In June 2025, following a board resolution by Guodu Securities, the registered capital of Guodu Jingrui was required to be reduced to no less than 300 million yuan. Then, in December 2025, the board passed another resolution proposing further reduction to no less than 1 million yuan.

On March 9, 2026, Guodu Securities released a statement indicating that to improve overall capital utilization efficiency, the company decided to reduce Guodu Jingrui’s registered capital by no more than (inclusive of) 290 million yuan, leaving the post-reduction capital at no less than (inclusive of) 1 million yuan.

As of the date of the announcement, Guodu Jingrui had completed the capital reduction process, with its registered capital officially adjusted to 1 million yuan.

Guodu Securities stated in the announcement that this capital reduction is part of the company’s broader business development strategy, aimed at resource integration and optimized allocation. It will help enhance overall operational efficiency.

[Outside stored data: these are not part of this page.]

Lemma psem_unique (P : pexpr) (mu nu : dist) : psem P mu -> psem P nu -> forall s, mu s = nu s.
Proof.
  intros H. revert nu.
  induction H as [E mu Hmu | P1 P2 p mu1 mu2 rho H1 IH1 H2 IH2 Hrho]; intros nu Hnu s.
  - inversion Hnu as [E' nu' Hnu' |]; subst. rewrite Hmu, Hnu'. reflexivity.
  - inversion Hnu as [| P1' P2' p' nu1 nu2 nu' Hnu1 Hnu2 Hnu']; subst.
    rewrite Hrho, Hnu', (IH1 _ Hnu1), (IH2 _ Hnu2). reflexivity.
Qed.

Lemma psem_subdist (P : pexpr) (mu : dist) : psem P mu -> subdist mu.
Proof.
  induction 1 as [E mu Hmu | P1 P2 [p Hp] mu1 mu2 rho _ IH1 _ IH2 Hrho].
  - apply (subdist_scale mu (dirac E) 1); [apply subdist_dirac | lra |].
    intros s. rewrite Hmu. ring.
  - apply (subdist_convex2 rho mu1 mu2 p (1 - p)); auto; simpl in *; lra.
Qed.

Lemma step_subdist (G : nexpr) (a : act L) (mu : dist) : step G a mu -> subdist mu.
Proof. induction 1; eauto using psem_subdist. Qed.

Definition pick2 (f g : dist) : nat -> dist := fun i => match i with O => f | _ => g end.

Lemma is_comb_two_point (h f g : dist) (a b : R) :
  (forall s, h s = a * f s + b * g s) -> is_comb (two_point a b) (pick2 f g) h.
Proof. intros H s. rewrite H. exact (infinite_sum_two_point a b (fun i => pick2 f g i s)). Qed.

Lemma ctrans_scale (c : R) (d mu d' mu' : dist) (a : act L) :
  0 <= c <= 1 -> (0 < c -> ctrans d a mu) ->
  (forall s, d' s = c * d s) -> (forall s, mu' s = c * mu s) -> ctrans d' a mu'.
Proof.
  intros Hc Hct Hd Hmu.
  apply (@ct_comb _ _ (two_point c 0) (pick2 d d) (pick2 mu mu)).
  - apply weights_two_point; lra.
  - intros [|[|i]] Hpos; simpl in Hpos; [auto | lra | lra].
  - apply is_comb_two_point. intros s. rewrite Hd. ring.
  - apply is_comb_two_point. intros s. rewrite Hmu. ring.
Qed.

Lemma ctrans_ext (d mu mu' : dist) (a : act L) :
  ctrans d a mu -> (forall s, mu' s = mu s) -> ctrans d a mu'.
Proof.
  intros H Hmu. apply (ctrans_scale 1 d mu); auto; try lra.
  - intros s. ring.
  - intros s. rewrite Hmu. ring.
Qed.

Lemma wtau_refl (d : dist) : subdist d -> wtau d d.
Proof.
  intros Hd. exists (fun _ => zero_dist), (pick2 d zero_dist).
  split; [| split; [| split]].
  - intros [|i]; simpl; auto using subdist_zero.
  - intros i. apply (ctrans_scale 0 zero_dist zero_dist); unfold zero_dist; simpl; intros; lra.
  - intros s. unfold zero_dist. simpl. ring.
  - intros s. apply infinite_sum_eventually. exists 0%nat. intros n _.
    induction n as [|n IH]; simpl in *; [| rewrite IH; unfold zero_dist]; ring.
Qed.

Lemma wtau_cons (d d' d'' : dist) :
  subdist d -> ctrans d tau d' -> wtau d' d'' -> wtau d d''.
Proof.
  intros Hd Hct (mt & mx & Hsub & Hmt & H0 & Hsum).
  exists (fun i => match i with O => d | S k => mt k end),
         (fun i => match i with O => zero_dist | S k => mx k end).
  split; [| split; [| split]].
  - intros [|i]; auto using subdist_zero.
  - intros [|i]; [apply (ctrans_ext d d'); auto | apply Hmt].
  - intros s. unfold zero_dist. ring.
  - intros s. eapply infinite_sum_ext; [| exact (infinite_sum_shift _ _ (Hsum s))].
    intros [|n]; reflexivity.
Qed.

(* The derivation keeps the mass [p^(i+1)] on [G] moving and stops
   [p^i (1-p) mu] at stage [i]. *)
Lemma wtau_geometric (G : nexpr) (p : R) (rho mu : dist) :
  0 < p < 1 -> subdist mu -> step G tau rho ->
  (forall s, rho s = p * dirac G s + (1 - p) * mu s) -> wtau rho mu.
Proof.
  intros Hp Hmu Hstep Hrho.
  assert (Hpow : forall n, 0 <= p ^ n <= 1).
  { induction n; simpl; nra. }
  exists (fun i s => p ^ S i * dirac G s), (fun i s => p ^ i * (1 - p) * mu s).
  split; [| split; [| split]].
  - intros i. split.
    + apply (subdist_scale _ (dirac G) (p ^ S i)); auto using subdist_dirac.
    + apply (subdist_scale _ mu (p ^ i * (1 - p))); auto.
      specialize (Hpow i). nra.
  - intros i. apply (ctrans_scale (p ^ S i) (dirac G) rho); auto.
    + intros _. apply (ct_base (E := G)); auto.
    + intros s. rewrite Hrho. simpl. ring.
  - intros s. rewrite Hrho. simpl. ring.
  - intros s. apply infinite_sum_geometric. lra.
Qed.

Lemma step_wtau (G : nexpr) (rho mu : dist) :
  step G tau rho -> wtau rho mu -> wtau (dirac G) mu.
Proof.
  intros Hstep Hw. apply (wtau_cons _ rho); auto using subdist_dirac.
  apply (ct_base (E := G)); auto.
Qed.

Lemma step_wtrans (G : nexpr) (a : act L) (rho mu : dist) :
  step G a rho -> wtau rho mu -> wtrans (dirac G) a mu.
Proof.
  intros Hstep Hw. exists (dirac G), rho.
  split; [apply wtau_refl, subdist_dirac | split; auto].
  apply (ct_base (E := G)); auto.
Qed.

Lemma step_wtrans_hat (G : nexpr) (a : act L) (rho mu : dist) :
  step G a rho -> wtau rho mu -> wtrans_hat (dirac G) a mu.
Proof. intros Hstep Hw. destruct a; simpl; eauto using step_wtau, step_wtrans. Qed.

Lemma lift_mono (R1 R2 : nexpr -> nexpr -> Prop) (mu nu : dist) :
  (forall G H, R1 G H -> R2 G H) -> lift R1 mu nu -> lift R2 mu nu.
Proof. intros H. induction 1; [eapply lift_base | eapply lift_comb]; eauto. Qed.

End Semantics.

Scheme nexpr_pexpr_ind := Induction for nexpr Sort Prop
with pexpr_nexpr_ind := Induction for pexpr Sort Prop.
Combined Scheme expr_mutind from nexpr_pexpr_ind, pexpr_nexpr_ind.

Section Syntax.
Context {L V : Type}.
Notation nexpr := (nexpr L V).
Notation pexpr := (pexpr L V).

Definition closedP (P : pexpr) : Prop := forall x, ~ freeP x P.

Definition subst_one (Y : V) (H : nexpr) : V -> option nexpr :=
  fun z => if eqdec z Y then Some H else None.

Lemma subst_free_id :
  (forall (G : nexpr) s, (forall y, freeN y G -> s y = None) -> substN s G = G) /\
  (forall (P : pexpr) s, (forall y, freeP y P -> s y = None) -> substP s P = P).
Proof.
  apply (expr_mutind L V
    (fun G => forall s, (forall y, freeN y G -> s y = None) -> substN s G = G)
    (fun P => forall s, (forall y, freeP y P -> s y = None) -> substP s P = P));
    simpl.
  - reflexivity.
  - intros v s Hs. rewrite Hs; reflexivity.
  - intros a P IH s Hs. f_equal. auto.
  - intros v G IH s Hs. f_equal. apply IH.
    intros y Hy. destruct (eqdec_spec y v) as [[_ ->] | [Hne ->]]; auto.
  - intros G1 IH1 G2 IH2 s Hs. f_equal; auto.
  - intros G IH s Hs. f_equal. auto.
  - intros P1 IH1 P2 IH2 p s Hs. f_equal; auto.
Qed.

Lemma closedN_sum_inv (G H : nexpr) : closedN (NSum G H) -> closedN G /\ closedN H.
Proof. intros Hc. split; intros y Hy; apply (Hc y); simpl; auto. Qed.

Lemma closedN_subst_free_id (G : nexpr) (s : V -> option nexpr) : closedN G -> substN s G = G.
Proof. intros Hc. apply subst_free_id. intros y Hy. destruct (Hc y Hy). Qed.

Lemma free_subst_closed_images :
  (forall (G : nexpr) s, (forall z H, s z = Some H -> closedN H) ->
     forall y, freeN y (substN s G) -> freeN y G /\ s y = None) /\
  (forall (P : pexpr) s, (forall z H, s z = Some H -> closedN H) ->
     forall y, freeP y (substP s P) -> freeP y P /\ s y = None).
Proof.
  apply (expr_mutind L V
    (fun G => forall s, (forall z H, s z = Some H -> closedN H) ->
       forall y, freeN y (substN s G) -> freeN y G /\ s y = None)
    (fun P => forall s, (forall z H, s z = Some H -> closedN H) ->
       forall y, freeP y (substP s P) -> freeP y P /\ s y = None));
    simpl.
  - intros s Hs y [].
  - intros v s Hs y Hy. destruct (s v) as [K |] eqn:Hv.
    + destruct (Hs v K Hv y Hy).
    + simpl in Hy. subst. split; auto.
  - intros a P IH s Hs y Hy. exact (IH s Hs y Hy).
  - intros v G IH s Hs y [Hne Hy].
    edestruct IH as [Hfree Hnone]; [| exact Hy |].
    + intros z K HK. simpl in HK. destruct (eqdec z v); [discriminate | eauto].
    + destruct (eqdec_spec y v) as [[Heq _] | [_ Hneq]]; [contradiction |].
      cbv beta in Hnone. rewrite Hneq in Hnone. auto.
  - intros G1 IH1 G2 IH2 s Hs y [Hy | Hy];
      [destruct (IH1 s Hs y Hy) | destruct (IH2 s Hs y Hy)]; auto.
  - intros G IH s Hs y Hy. exact (IH s Hs y Hy).
  - intros P1 IH1 P2 IH2 p s Hs y [Hy | Hy];
      [destruct (IH1 s Hs y Hy) | destruct (IH2 s Hs y Hy)]; auto.
Qed.

Lemma closedN_subst_all (sigma : V -> nexpr) (G : nexpr) :
  (forall y, closedN (sigma y)) -> closedN (substN (fun y => Some (sigma y)) G).
Proof.
  intros Hsigma y Hy.
  destruct (proj1 free_subst_closed_images G (fun y => Some (sigma y))) with (y := y)
    as [_ Hnone]; [| exact Hy | discriminate].
  intros z K HK. injection HK as <-. apply Hsigma.
Qed.

Lemma closedN_subst_unfold (Y : V) (G H : nexpr) :
  closedN (NRec Y G) -> closedN H -> closedN (substN (subst_one Y H) G).
Proof.
  intros HG HH y Hy.
  destruct (proj1 free_subst_closed_images G (subst_one Y H)) with (y := y)
    as [Hfree Hnone]; auto.
  - intros z K. unfold subst_one.
    destruct (eqdec z Y); intros HK; [injection HK as <-; exact HH | discriminate].
  - apply (HG y). unfold subst_one in Hnone. simpl.
    destruct (eqdec_spec y Y) as [[_ Heq] | [Hne _]].
    + rewrite Heq in Hnone. discriminate.
    + split; assumption.
Qed.

End Syntax.

Section Contexts.
Context {L V : Type}.
Notation nexpr := (nexpr L V).
Notation pexpr := (pexpr L V).
Notation dist := (Defs.dist L V).
Variables A B : nexpr.
Hypothesis closed_A : closedN A.
Hypothesis closed_B : closedN B.

(* [ctxN G1 G2]: [G1] and [G2] are one context with some holes filled by [A] in
   [G1] and by [B] in [G2]. *)
Inductive ctxN : nexpr -> nexpr -> Prop :=
| ctx_hole : ctxN A B
| ctx_nil : ctxN Defs.N0 Defs.N0
| ctx_var y : ctxN (NVar y) (NVar y)
| ctx_pre a P1 P2 : ctxP P1 P2 -> ctxN (NPre a P1) (NPre a P2)
| ctx_rec Y G1 G2 : ctxN G1 G2 -> ctxN (NRec Y G1) (NRec Y G2)
| ctx_sum G1 G2 H1 H2 : ctxN G1 G2 -> ctxN H1 H2 -> ctxN (NSum G1 H1) (NSum G2 H2)
with ctxP : pexpr -> pexpr -> Prop :=
| ctx_dirac G1 G2 : ctxN G1 G2 -> ctxP (PDirac G1) (PDirac G2)
| ctx_choice P1 P2 Q1 Q2 q :
    ctxP P1 Q1 -> ctxP P2 Q2 -> ctxP (PChoice P1 P2 q) (PChoice Q1 Q2 q).

Scheme ctxN_ctxP_ind := Induction for ctxN Sort Prop
with ctxP_ctxN_ind := Induction for ctxP Sort Prop.
Combined Scheme ctx_mutind from ctxN_ctxP_ind, ctxP_ctxN_ind.

Lemma ctx_refl : (forall G : nexpr, ctxN G G) /\ (forall P : pexpr, ctxP P P).
Proof.
  apply (expr_mutind L V (fun G => ctxN G G) (fun P => ctxP P P));
    intros; constructor; auto.
Qed.

Definition ctx_subst (s1 s2 : V -> option nexpr) : Prop :=
  forall z, (s1 z = None /\ s2 z = None) \/
            exists H1 H2, s1 z = Some H1 /\ s2 z = Some H2 /\ ctxN H1 H2.

Lemma ctx_subst_one (Y : V) (H1 H2 : nexpr) :
  ctxN H1 H2 -> ctx_subst (subst_one Y H1) (subst_one Y H2).
Proof.
  intros H z. unfold subst_one. destruct (eqdec z Y); [right; exists H1, H2 | left]; auto.
Qed.

Lemma ctx_subst_congr :
  (forall G1 G2, ctxN G1 G2 -> forall s1 s2, ctx_subst s1 s2 ->
     ctxN (substN s1 G1) (substN s2 G2)) /\
  (forall P1 P2, ctxP P1 P2 -> forall s1 s2, ctx_subst s1 s2 ->
     ctxP (substP s1 P1) (substP s2 P2)).
Proof.
  apply (ctx_mutind
    (fun G1 G2 _ => forall s1 s2, ctx_subst s1 s2 -> ctxN (substN s1 G1) (substN s2 G2))
    (fun P1 P2 _ => forall s1 s2, ctx_subst s1 s2 -> ctxP (substP s1 P1) (substP s2 P2)));
    simpl.
  - intros s1 s2 _. rewrite !closedN_subst_free_id by assumption. constructor.
  - intros s1 s2 _. constructor.
  - intros y s1 s2 Hs.
    destruct (Hs y) as [[-> ->] | (H1 & H2 & -> & -> & Hctx)]; [constructor | exact Hctx].
  - intros a P1 P2 _ IH s1 s2 Hs. constructor. auto.
  - intros Y G1 G2 _ IH s1 s2 Hs. constructor. apply IH.
    intros z. destruct (eqdec z Y); [left | apply Hs]; auto.
  - intros G1 G2 H1 H2 _ IH1 _ IH2 s1 s2 Hs. constructor; auto.
  - intros G1 G2 _ IH s1 s2 Hs. constructor. auto.
  - intros P1 P2 Q1 Q2 q _ IH1 _ IH2 s1 s2 Hs. constructor; auto.
Qed.

Definition ctx_closed (G1 G2 : nexpr) : Prop := ctxN G1 G2 /\ closedN G1 /\ closedN G2.

Lemma psem_ctx_lift (P1 P2 : pexpr) (mu nu : dist) :
  psem P1 mu -> psem P2 nu -> ctxP P1 P2 -> closedP P1 -> closedP P2 ->
  lift ctx_closed mu nu.
Proof.
  intros Hmu. revert P2 nu.
  induction Hmu as [G1 mu Hmu | P1 P1' [p Hp] mu1 mu1' mu _ IH1 _ IH1' Hmu];
    intros P2 nu Hnu Hctx Hc1 Hc2.
  - inversion Hctx as [? G2 HG |]; subst.
    inversion Hnu as [? ? Hnu' |]; subst.
    apply (lift_base ctx_closed G1 G2); auto.
    split; [exact HG | split; intros y Hy; [apply (Hc1 y) | apply (Hc2 y)]; exact Hy].
  - inversion Hctx as [| ? ? Q Q' ? HQ HQ']; subst.
    inversion Hnu as [| ? ? ? nu1 nu1' ? Hnu1 Hnu1' Hnu']; subst.
    apply (@lift_comb _ _ ctx_closed (two_point p (1 - p)) (pick2 mu1 mu1') (pick2 nu1 nu1')).
    + apply weights_two_point; lra.
    + intros [|[|i]] Hpos; simpl in Hpos.
      * apply (IH1 Q); auto; intros y Hy; [apply (Hc1 y) | apply (Hc2 y)]; simpl; auto.
      * apply (IH1' Q'); auto; intros y Hy; [apply (Hc1 y) | apply (Hc2 y)]; simpl; auto.
      * lra.
    + apply is_comb_two_point. exact Hmu.
    + apply is_comb_two_point. exact Hnu'.
Qed.

End Contexts.

Section Unfolding.
Context {L V : Type}.
Notation nexpr := (nexpr L V).
Notation pexpr := (pexpr L V).
Notation dist := (Defs.dist L V).
Variables (X : V) (E F : nexpr) (P : pexpr) (pr : prob).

The transaction will not alter Guodu Jingrui’s equity structure—Guodu Securities still holds 100% ownership—and will not result in any change to the scope of consolidated financial reporting.

What Lies Ahead After the Acquisition?

The significant capital reduction at Guodu Jingrui comes at a pivotal moment—the period of control transition at Guodu Securities—making it particularly noteworthy.

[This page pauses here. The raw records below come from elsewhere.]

Section LimitMeasureProperties.
Variables (R : realType) (N : nat) (U : set_system nat).
Hypotheses (U_ultra : UltraFilter U) (U_cofinite : \oo `<=` U).
Variables (y : nat -> X N) (T : nat -> nat).
Hypothesis T_gt : forall k, (k < T k)%N.
Local Notation sh := (@Defs.shift N).
Local Notation nu := (@lim_measure R N U U_ultra U_cofinite y T T_gt).

Lemma lim_measure_invariant : shift_invariant nu.
Proof.
move=> E mE; have msh := @measurable_shift N; symmetry.
apply: (measure_unique (@cylinder_set N) (fun=> setT) (esym (@measurable_cylinder_set N))
  _ _ _ _ (pushforward nu sh)) => //.
- by move=> ? ?; exact: cylinder_setI.
- by move=> _; exact: cylinder_setT.
- by rewrite bigcup_const.
- move=> B cB; change (nu B = nu (sh @^-1` B)).
  rewrite !lim_measureE //; last exact: cylinder_set_preimage_shift.
  by rewrite lam_preimage_shift.
- by move=> _; change (nu setT < +oo)%E; rewrite lim_measureT ltry.
Qed.

Variables (L : nat) (W : pred {ffun 'I_L -> 'I_N.+1}).
Hypothesis y_SFT : forall k, SFT W (y k).

Lemma lim_measure_SFT : nu (SFT W) = 1%E.
Proof.
apply/eqP; rewrite eq_le probability_le1 /=; last exact: measurable_SFT.
rewrite SFT_bigcap_window.
apply: probability_bigcap_ge.
- by move=> n; exact (measurable_determined (@determined_SFT_window N L W n)).
- exact: SFT_window_nonincreasing.
move=> n; rewrite /= lim_measureE; last by exists (n + L)%N; exact: determined_SFT_window.
rewrite (lam_all R U_ultra T_gt) // => k i _.
have : SFT W (iter i sh (y k)) by apply/SFT_iter.
by rewrite SFT_bigcap_window => /(_ n I).
Qed.

Variables (A : set (X N)) (ms : nat -> nat) (c : R).
Hypothesis ms_ge : forall k, (k <= ms k)%N.
Hypothesis frequent_visits :
  forall k, c * (T k)%:R <= (visits (Dm (SFT W) A (ms k)) (y k) (T k))%:R.

Lemma lim_measure_boundary_ge : (c%:E <= nu (boundary_in (SFT W) A))%E.
Proof.
have mhull m : measurable (Dm_hull W A m).
  exact (measurable_determined (@determined_Dm_hull N L W A m)).
rewrite boundary_SFT_hull probability_setI_full //; last 3 first.
- exact: measurable_SFT.
- exact: bigcapT_measurable.
- exact: lim_measure_SFT.
apply: probability_bigcap_ge => //; first exact: Dm_hull_nonincreasing.
move=> m; rewrite /= lim_measureE; last by exists m; exact: determined_Dm_hull.
rewrite lee_fin; apply: (lam_ge U_ultra U_cofinite T_gt); near=> k.
rewrite /freq ler_pdivlMr ?ltr0n ?(T_gt0 T_gt) //; apply: le_trans (frequent_visits k) _.
rewrite ler_nat; apply: visits_subset => x Dx.
suff : Dm (SFT W) A m x by rewrite Dm_SFT_hull => -[].
move: Dx; apply/subsetPset/Dm_nonincreasing; apply: leq_trans (ms_ge k).
by near: k; exact: nbhs_infty_ge.
Unshelve. all: by end_near. Qed.

End LimitMeasureProperties.

Lemma cvg_scaled_elog_null (R : realType) (a : nat -> \bar R) :
  (\forall n \near \oo, a n = 0%E) ->
  (fun n : nat => (n%:R^-1)%:E * elog (a n))%E @ \oo --> -oo%E.
Proof.
move=> a0; apply: cvg_near_cst; near=> n.
rewrite (near a0 n) // /elog eqxx gt0_muleNy // lte_fin invr_gt0 ltr0n.
by near: n; exact: nbhs_infty_gt.
Unshelve. all: by end_near. Qed.

Section FrequentVisits.
Variables (R : realType) (N : nat) (D : set (X N)) (v : R).
Hypothesis v_gt0 : 0 < v.

Lemma ret_le_visits n x : (0 < n)%N -> ret_le D n v x ->
  exists2 T, (n <= T)%N & (v + 1)^-1 * T%:R <= (visits D x T)%:R.
Proof.
move=> n_gt0 [t [et tv]]; have nv := ret_iter_visits et.
exists t.+1; first exact: leq_trans nv (visits_le _ _ _).
apply: le_trans (_ : n%:R <= _); last by rewrite ler_nat.
have n1 : 1 <= n%:R :> R by rewrite ler1n.
rewrite ler_pdivrMl -?natr1; [nra|by rewrite ltr_wpDl ?ltW].
Qed.

Hypothesis measurable_D_iter : forall k, measurable [set x | D (iter k (@Defs.shift N) x)].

It is widely known that the CSRC has approved Zhejiang Securities as the controlling shareholder of Guodu Securities. In May 2025, Guodu Securities completed its board reshuffle and was incorporated into Zhejiang Securities’ consolidated financial statements. Both parties plan to finalize the integration within one year.

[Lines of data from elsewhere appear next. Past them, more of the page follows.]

(* [tv g e] fixes the other generator and sends g to g (~~ g)^{+1} if e = false and to
   g (~~ g)^{-1} if e = true: sigma^{+-1} = tv gx and tau^{+-1} = tv gy. *)
Definition tv_letter (g : gen) (e : bool) (a : letter) : word :=
  if a.1 == g then (if a.2 then [:: (~~ g, ~~ e); a] else [:: a; (~~ g, e)]) else [:: a].

Definition tv (g : gen) (e : bool) (w : word) : word := flatten (map (tv_letter g e) w).

(* The adjacent pairs of a reduced word at which its image under [tv g e] cancels;
   exactly one pair of letters cancels at each of them. *)
Definition tv_cancels (g : gen) (e : bool) (a b : letter) : bool :=
  (a == (g, false)) && (b == (~~ g, ~~ e)) || (a == (~~ g, e)) && (b == (g, true)).

Definition sigma_pm (neg : bool) : word -> word :=
  subst (if neg then sigmainv_im else sigma_im).
Definition tau_pm (neg : bool) : word -> word :=
  subst (if neg then tauinv_im else tau_im).

Lemma sigma_pmE neg w : sigma_pm neg w = reduce (tv gx neg w).
Proof.
rewrite /sigma_pm /subst /tv; congr (reduce (flatten _)).
by apply: eq_map; case: neg => -[[] []].
Qed.

Lemma tau_pmE neg w : tau_pm neg w = reduce (tv gy neg w).
Proof.
rewrite /tau_pm /subst /tv; congr (reduce (flatten _)).
by apply: eq_map; case: neg => -[[] []].
Qed.

Section Transvection.

Variables (g : gen) (e : bool).

Lemma tv_cons a w : tv g e (a :: w) = tv_letter g e a ++ tv g e w.
Proof. by []. Qed.

Lemma tv_cat u v : tv g e (u ++ v) = tv g e u ++ tv g e v.
Proof. by rewrite /tv map_cat flatten_cat. Qed.

Lemma tv_letter_linv a : tv_letter g e (linv a) = winv (tv_letter g e a).
Proof. by case: g e a => [] [] [[] []]. Qed.

Lemma tv_winv w : tv g e (winv w) = winv (tv g e w).
Proof.
elim: w => // a w IH.
by rewrite winv_cons -cats1 tv_cat IH tv_cons winv_cat /tv /= cats0 tv_letter_linv.
Qed.

Lemma reduce_tv w : reduce (tv g e (reduce w)) = reduce (tv g e w).
Proof.
elim: w => // a w IH; rewrite reduce_cons tv_cons -reduce_reducer -IH reduce_reducer -tv_cons.
case: (reduce w) => [|b t] //=; case: eqP => [-> | _] //.
by rewrite !tv_cons tv_letter_linv (reduce_cancel_mid [::]).
Qed.

Lemma perm_cyc_red_tv w : perm_eq (cyc_red (tv g e w)) (cyc_red (tv g e (cyc_red w))).
Proof.
have [p ew _] := cyc_red_spec w.
have -> : cyc_red (tv g e w) = cyc_red (tv g e p ++ tv g e (cyc_red w) ++ winv (tv g e p)).
  by apply: cyc_red_congr; rewrite -reduce_tv ew !tv_cat tv_winv.
exact: perm_cyc_red_conj.
Qed.

Lemma perm_cyc_red_tv_rot k c : perm_eq (cyc_red (tv g e (rot k c))) (cyc_red (tv g e c)).
Proof.
have -> : tv g e c = tv g e (take k c) ++ tv g e (drop k c) by rewrite -tv_cat cat_take_drop.
rewrite /rot tv_cat; set A := tv g e (take k c); set B := tv g e (drop k c).
have -> : cyc_red (A ++ B) = cyc_red (A ++ (B ++ A) ++ winv A).
  apply: cyc_red_congr.
  by rewrite -(cats0 (A ++ B)) -(reduce_cancel_mid (A ++ B) A [::]) !catA !cats0.
by rewrite perm_sym perm_cyc_red_conj.
Qed.

End Transvection.

(** * The reduced image of a reduced word *)

Fixpoint tv_red (g : gen) (e : bool) (c : word) : word :=
  match c with
  | [::] => [::]
  | a :: t =>
    if a == (g, false) then
      if t is b :: t' then
        (if b == (~~ g, ~~ e) then a :: tv_red g e t' else a :: (~~ g, e) :: tv_red g e t)
      else [:: a; (~~ g, e)]
    else if a == (g, true) then (~~ g, ~~ e) :: a :: tv_red g e t
    else if a == (~~ g, e) then
      if t is b :: t' then (if b == (g, true) then b :: tv_red g e t' else a :: tv_red g e t)
      else [:: a]
    else a :: tv_red g e t
  end.

Lemma tv_red1 g e a : tv_red g e [:: a] =
  if a == (g, false) then [:: a; (~~ g, e)]
  else if a == (g, true) then [:: (~~ g, ~~ e); a] else [:: a].
Proof. by rewrite /=; do 3?case: ifP. Qed.

Lemma tv_red2 g e a b t : tv_red g e (a :: b :: t) =
  if a == (g, false) then
    (if b == (~~ g, ~~ e) then a :: tv_red g e t else a :: (~~ g, e) :: tv_red g e (b :: t))
  else if a == (g, true) then (~~ g, ~~ e) :: a :: tv_red g e (b :: t)
  else if a == (~~ g, e) then (if b == (g, true) then b :: tv_red g e t else a :: tv_red g e (b :: t))
  else a :: tv_red g e (b :: t).
Proof. by []. Qed.

Arguments tv_red : simpl never.

Lemma size_tv_red g e c :
  size (tv_red g e c) + 2 * npairs_seq (tv_cancels g e) c = size c + count (is_gen g) c.
Proof.
case: g; case: e; elim/seq_ind2: c => [|a|a b t IHt IHbt] //;
  try (by rewrite tv_red1; case: a => [[] []]);
  rewrite tv_red2; move: IHt IHbt; case: t => [|y t];
  case: a => [[] []]; case: b => [[] []] /=; lia.
Qed.

Lemma count_tv_red g e c : count (is_gen g) (tv_red g e c) = count (is_gen g) c.
Proof.
case: g; case: e; elim/seq_ind2: c => [|a|a b t IHt IHbt] //;
  try (by rewrite tv_red1; case: a => [[] []]);
  rewrite tv_red2; move: IHt IHbt; case: t => [|y t];
  case: a => [[] []]; case: b => [[] []] /=; lia.
Qed.

Arguments reduce : simpl never.
Arguments tv : simpl never.

Lemma reduce_tv_red g e c : reduce (tv g e c) = reduce (tv_red g e c).
Proof.
case: g; case: e; elim/seq_ind2: c => [|a|a b t IHt IHbt] //;
  try (by rewrite tv_red1 /tv /=; case: a => [[] []]);
  rewrite tv_red2 tv_cons; move: IHt IHbt; case: a => [[] []]; case: b => [[] []] => IHt IHbt;
  rewrite /tv_letter /=;
  repeat (match goal with |- reduce (?x :: _) = reduce (?x :: _) => apply: reduce_cons_congr end);
  try (by rewrite IHbt);
  rewrite tv_cons /tv_letter /= reduce_cancel2 //;
  repeat (match goal with |- reduce (?x :: _) = reduce (?x :: _) => apply: reduce_cons_congr end);
  by [].
Qed.

Definition tv_red_head (g : gen) (e : bool) (a : letter) (t : word) : letter :=
  if a == (g, false) then a else if a == (g, true) then (~~ g, ~~ e)
  else if (a == (~~ g, e)) && (ohead t == Some (g, true)) then (g, true) else a.

Lemma tv_red_cons g e a t : exists r, tv_red g e (a :: t) = tv_red_head g e a t :: r.
Proof.
case: g e a t => [] [] [[] []] [|b t];
  rewrite ?tv_red1 ?tv_red2 /tv_red_head //=; try case: b => [[] []]; by eexists.
Qed.

Definition precedes_tv_red (g : gen) (e : bool) (z y : letter) : bool :=
  if y == (g, true) then nocancel z (~~ g, ~~ e)
  else if y == (~~ g, e) then nocancel z (~~ g, e) && nocancel z (g, true)
  else nocancel z y.

Lemma nocancel_tv_red_head g e z y t :
  precedes_tv_red g e z y -> nocancel z (tv_red_head g e y t).
Proof.
rewrite /precedes_tv_red /tv_red_head; case: g e y => [] [] [[] []] /=; try done;
  try case: (ohead t == _); try done; by case/andP.
Qed.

Typically, when a brokerage firm is acquired, its subsidiaries undergo a process of evaluation and pruning rather than expansion.

Given that Guodu Jingrui serves as Guodu Securities’ alternative investment arm, its future direction will naturally be assessed within the larger strategic framework of the parent company’s business portfolio.

Thus, this move likely reflects a calculated approach: first testing the waters with a minimal capital base of 1 million yuan, then deciding on further actions based on performance and market conditions.

Deepening Differentiation in Alternative Investments

When viewed against the broader industry backdrop, Guodu Jingrui’s contraction reveals a more fundamental shift: the underlying logic of securities firms’ alternative investment operations is undergoing reconstruction.

Over the past decade, the value of alternative investment subsidiaries largely stemmed from regulatory licensing advantages—particularly the ability to participate in strategic placements under the Sci-Tech Innovation Board (STAR Market) co-investment mechanism, which provided access to high-return opportunities.

However, increasing pressure on both cost and return dynamics is diminishing the value of this privilege.

This growing differentiation underscores a clear transformation: alternative investment has shifted from a license-driven model to one centered on professional capabilities such as project screening, post-investment support, and exit management. Firms with strong expertise are willing to increase exposure during downturns, while weaker players opt to scale back.

Within Zhejiang Securities’ post-acquisition integration strategy, this ‘slimming down’ step is merely the beginning. The ongoing differentiation and restructuring of alternative investment businesses continue to evolve.